Jonny5: May 2014

Wednesday, May 28, 2014

Bayes, Markov, and (Monte) Carlo try to walk in a straight line... (what happens next is unbelievable)

On Monday, we played around with linear regression. Boring, right? Well, then we tackled the "Bayesian" method of linear regression. There are apparently a couple ways of doing this, but since we last talked about Markov Chains, and my background is in molecular simulation, let's talk about the Markov Chain Monte Carlo method of linear regression.

(Note: As of this writing, one of my Zipfian co-fellows, Dan Saber, has published an excellent review of the topic here implemented in python. I will try not to re-hash most of what he said, just what is necessary to describe the process mathematically from my understanding.)

Let's say we're given some data points, $y_i$ and $x_{ij}$. Here, we are using Einstein tensor notation, which basically means a single index denotes a vector and a double index denotes a matrix.

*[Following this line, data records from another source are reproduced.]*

(* Let $\mathcal{H}$ be a complex Hilbert space and $B,C\in\mathcal{B}(\mathcal{H})$. Then for every $0\le\alpha\le1$, $$\begin{aligned}w^4\left(\begin{bmatrix}0 & B\\ C & 0\end{bmatrix}\right)\le{}& \frac{1+\alpha}{8}\max\left\{\big\||B|^4+|C^*|^4\big\|,\ \big\||B^*|^4+|C|^4\big\|\right\}+\frac{1-\alpha}{4}\max\{w^2(BC),w^2(CB)\}\\&+\frac14\max\left\{\big\||B|^2+|C^*|^2\big\|,\ \big\||B^*|^2+|C|^2\big\|\right\}\cdot\max\{w(BC),w(CB)\}.\end{aligned}$$
   Context: $\mathcal{B}(\mathcal{H})$ is the algebra of bounded linear operators on $\mathcal{H}$ with operator norm $\|\cdot\|$. For $A\in\mathcal{B}(\mathcal{H})$, $A^*$ is the adjoint, $|A|=(A^*A)^{1/2}$, $|A^*|=(AA^* )^{1/2}$, and $w(A)=\sup_{\|x\|=1}|\langle Ax,x\rangle|$ is the numerical radius. The operator matrix $\begin{bmatrix}A&B\\C&D\end{bmatrix}$ acts on $\mathcal{H}\oplus\mathcal{H}$ by $(x_1,x_2)\mapsto(Ax_1+Bx_2,\,Cx_1+Dx_2)$; $0$ denotes the zero operator. *)

From HB Require Import structures.
From mathcomp Require Import all_boot all_order all_algebra.
From mathcomp Require Import complex.
From mathcomp Require Import boolp classical_sets reals.
Set Implicit Arguments. Unset Strict Implicit. Unset Printing Implicit Defensive.
Import Order.TTheory GRing.Theory Num.Theory.
Local Open Scope ring_scope.
Local Open Scope classical_set_scope.

Section Hilbert.
Variable R : realType.
Local Notation C := R[i].

Definition cabs (z : C) : R := Num.sqrt (complex.Re z ^+ 2 + complex.Im z ^+ 2).

Record hilbert := Hilbert {
  hspace : lmodType C;
  hip : hspace -> hspace -> C;
  hip_linear : forall (a : C) (x y z : hspace),
      hip (a *: x + y) z = a * hip x z + hip y z;
  hip_conj : forall x y : hspace, hip x y = (hip y x)^*%C;
  hip_ge0 : forall x : hspace, 0 <= hip x x;
  hip_eq0 : forall x : hspace, hip x x = 0 -> x = 0;
  hip_complete : forall u : nat -> hspace,
      (forall e : R, 0 < e -> exists N : nat, forall m n : nat, (N <= m)%N -> (N <= n)%N ->
          Num.sqrt (complex.Re (hip (u m - u n) (u m - u n))) < e) ->
      exists l : hspace, forall e : R, 0 < e -> exists N : nat, forall n : nat, (N <= n)%N ->
          Num.sqrt (complex.Re (hip (u n - l) (u n - l))) < e
}.

Variable H : hilbert.
Local Notation V := (hspace H).
Local Notation ip := (@hip H).

Definition hnorm (x : V) : R := Num.sqrt (complex.Re (ip x x)).

Definition bounded_op (T : V -> V) : Prop :=
  (forall (a : C) (x y : V), T (a *: x + y) = a *: T x + T y) /\
  exists M : R, forall x : V, hnorm (T x) <= M * hnorm x.

Definition is_adjoint (T Ts : V -> V) : Prop :=
  forall x y : V, ip (T x) y = ip x (Ts y).

Definition opnorm (T : V -> V) : R :=
  sup [set hnorm (T x) | x in [set x : V | hnorm x = 1]].

Definition numrad (T : V -> V) : R :=
  sup [set cabs (ip (T x) x) | x in [set x : V | hnorm x = 1]].

Definition ip2 (x y : V * V) : C := ip x.1 y.1 + ip x.2 y.2.
Definition hnorm2 (x : V * V) : R := Num.sqrt (complex.Re (ip2 x x)).

(* the operator matrix [[A, B], [C, D]] acting on H (+) H *)
Definition opmx (A B C' D : V -> V) (x : V * V) : V * V :=
  (A x.1 + B x.2, C' x.1 + D x.2).

Definition numrad2 (T : V * V -> V * V) : R :=
  sup [set cabs (ip2 (T x) x) | x in [set x : V * V | hnorm2 x = 1]].

Definition opadd (S T : V -> V) : V -> V := fun x => S x + T x.
Definition opzero : V -> V := fun _ => 0.

End Hilbert.

From HB Require Import structures.
From mathcomp Require Import all_boot all_order all_algebra.
From mathcomp Require Import complex.
From mathcomp Require Import boolp classical_sets reals.
From mathcomp Require Import ring lra.
Import Order.TTheory GRing.Theory Num.Theory.
Set Implicit Arguments. Unset Strict Implicit. Unset Printing Implicit Defensive.
Local Open Scope ring_scope.

(* The adjoint of T is T^* = [[0, C^*], [B^*, 0]] and T^2 = diag(BC, CB).
   For a unit vector x of H (+) H, Buzano's inequality
     2 |<a, e> <e, b>| <= ||a|| ||b|| + |<a, b>|      (||e|| = 1)
   applied to a = Tx, b = T^*x, e = x gives, since <x, T^*x> = <Tx, x>,
     2 |<Tx, x>|^2 <= ||Tx|| ||T^*x|| + |<T^2 x, x>|.
   The three quantities on the right are then estimated separately:
   - |<T^2 x, x>| <= max (w(BC), w(CB)), since T^2 is block diagonal;
   - ||Tx||^2 + ||T^*x||^2 <= max (|| |B|^2 + |C^*|^2 ||, || |B^*|^2 + |C|^2 ||);
   - ||Tx||^4 + ||T^*x||^4 <= max (|| |B|^4 + |C^*|^4 ||, || |B^*|^4 + |C|^4 ||),
     using ||Sy||^2 = <|S|^2 y, y> <= || |S|^2 y || ||y|| and the
     Cauchy-Schwarz inequality in R^2.
   An elementary real inequality combines these bounds for every alpha in
   [0, 1]; taking the supremum over unit vectors x concludes. *)

Section ComplexModulus.
Variable R : realType.
Implicit Types z w : R[i].

Lemma cabsE z : `|z| = (cabs z)%:C%C.
Proof. by rewrite normc_def. Qed.

Lemma cabs_ge0 z : 0 <= cabs z.
Proof. exact: sqrtr_ge0. Qed.

Lemma cabsM z w : cabs (z * w) = cabs z * cabs w.
Proof. by apply: complexI; rewrite rmorphM /= -!cabsE normrM. Qed.

Lemma cabsD z w : cabs (z + w) <= cabs z + cabs w.
Proof. by rewrite -lecR rmorphD /= -!cabsE ler_normD. Qed.

Lemma cabs_real (r : R) : 0 <= r -> cabs r%:C%C = r.
Proof. by move=> r0; rewrite /cabs /= expr0n /= addr0 sqrtr_sqr ger0_norm. Qed.

Lemma cabs0 : cabs (0 : R[i]) = 0.
Proof. exact: cabs_real. Qed.

Lemma Re_le_cabs z : complex.Re z <= cabs z.
Proof.
case: z => a b; rewrite /cabs /=; apply: (le_trans (ler_norm a)).
by rewrite -sqrtr_sqr; apply: ler_wsqrtr; rewrite lerDl sqr_ge0.
Qed.

Lemma ReJ z : complex.Re z^*%C = complex.Re z.
Proof. by case: z. Qed.

End ComplexModulus.

(* The axioms of a (not necessarily complete) inner product, linear in the
   first argument: both H and H (+) H satisfy them, so the basic inequalities
   are proved once for all such spaces. *)
Record inner_product (R : realType) (V : lmodType R[i]) (ip : V -> V -> R[i]) : Prop :=
  InnerProduct {
    ip_linear : forall (a : R[i]) (x y z : V), ip (a *: x + y) z = a * ip x z + ip y z;
    ip_conj : forall x y : V, ip x y = (ip y x)^*%C;
    ip_ge0 : forall x : V, 0 <= ip x x }.

Section InnerProductSpace.
Variable R : realType.
Local Notation C := R[i].
Local Notation Re := complex.Re.
Variable V : lmodType C.
Variable ip : V -> V -> C.
Hypothesis ipP : inner_product ip.
Set Default Proof Using "ipP".
Local Notation ip_lin := (ip_linear ipP).
Local Notation ip_conj := (ip_conj ipP).
Local Notation ip_ge0 := (ip_ge0 ipP).

Lemma ipDl x y z : ip (x + y) z = ip x z + ip y z.
Proof. by have := ip_lin 1 x y z; rewrite scale1r mul1r. Qed.

Lemma ip0l z : ip 0 z = 0.
Proof. by apply: (addrI (ip 0 z)); rewrite -ipDl !addr0. Qed.

Lemma ipZl a x z : ip (a *: x) z = a * ip x z.
Proof. by have := ip_lin a x 0 z; rewrite !addr0 ip0l addr0. Qed.

Lemma ipBl x y z : ip (x - y) z = ip x z - ip y z.
Proof. by rewrite ipDl -scaleN1r ipZl mulN1r. Qed.

Lemma ipDr x y z : ip x (y + z) = ip x y + ip x z.
Proof. by rewrite ip_conj ipDl rmorphD /= -!ip_conj. Qed.

Lemma ipZr a x y : ip x (a *: y) = a^*%C * ip x y.
Proof. by rewrite ip_conj ipZl rmorphM /= -ip_conj. Qed.

Lemma ipBr x y z : ip x (y - z) = ip x y - ip x z.
Proof. by rewrite ip_conj ipBl rmorphB /= -!ip_conj. Qed.

Lemma ip_real x : ip x x = (Re (ip x x))%:C%C.
Proof. by move: (ip_ge0 x); case: (ip x x) => a b; rewrite lecE /= => /andP [/eqP -> _]. Qed.

Lemma Re_ip_ge0 x : 0 <= Re (ip x x).
Proof. by move: (ip_ge0 x); rewrite lecE => /andP [_ ->]. Qed.

Lemma Re_ipC x y : Re (ip x y) = Re (ip y x).
Proof. by rewrite ip_conj ReJ. Qed.

Definition nrm x := Num.sqrt (Re (ip x x)).

Lemma nrm_ge0 x : 0 <= nrm x.
Proof. exact: sqrtr_ge0. Qed.

Lemma nrm_sq x : nrm x ^+ 2 = Re (ip x x).
Proof. by rewrite sqr_sqrtr // Re_ip_ge0. Qed.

Specifically here, we will use $i$ to denote the data point index, where $i \in \lbrace 1,2,3,...,N\rbrace$, and $j$ to denote the dimension index, where $j \in \lbrace 0,1,2,3,...,D\rbrace$. Note that $j$ is zero-indexed to allow for an intercept term. Our linear regression model assumes the form:

$$y_i = x_{ij} \beta_j + \epsilon_i$$

Here, $\beta_j$ is the vector of weighting coefficients, and $\epsilon_i$ denotes the error between the model and the data. (Note: in Einstein notation, a repeated index implies a summation over all possible values of the index. In this example, after the multiplication between $x_{ij}$ and $\beta_j$, sum over all $j$'s; this is matrix multiplication. Here, the $j$'s are "summed away" and every term is a vector with index $i$.)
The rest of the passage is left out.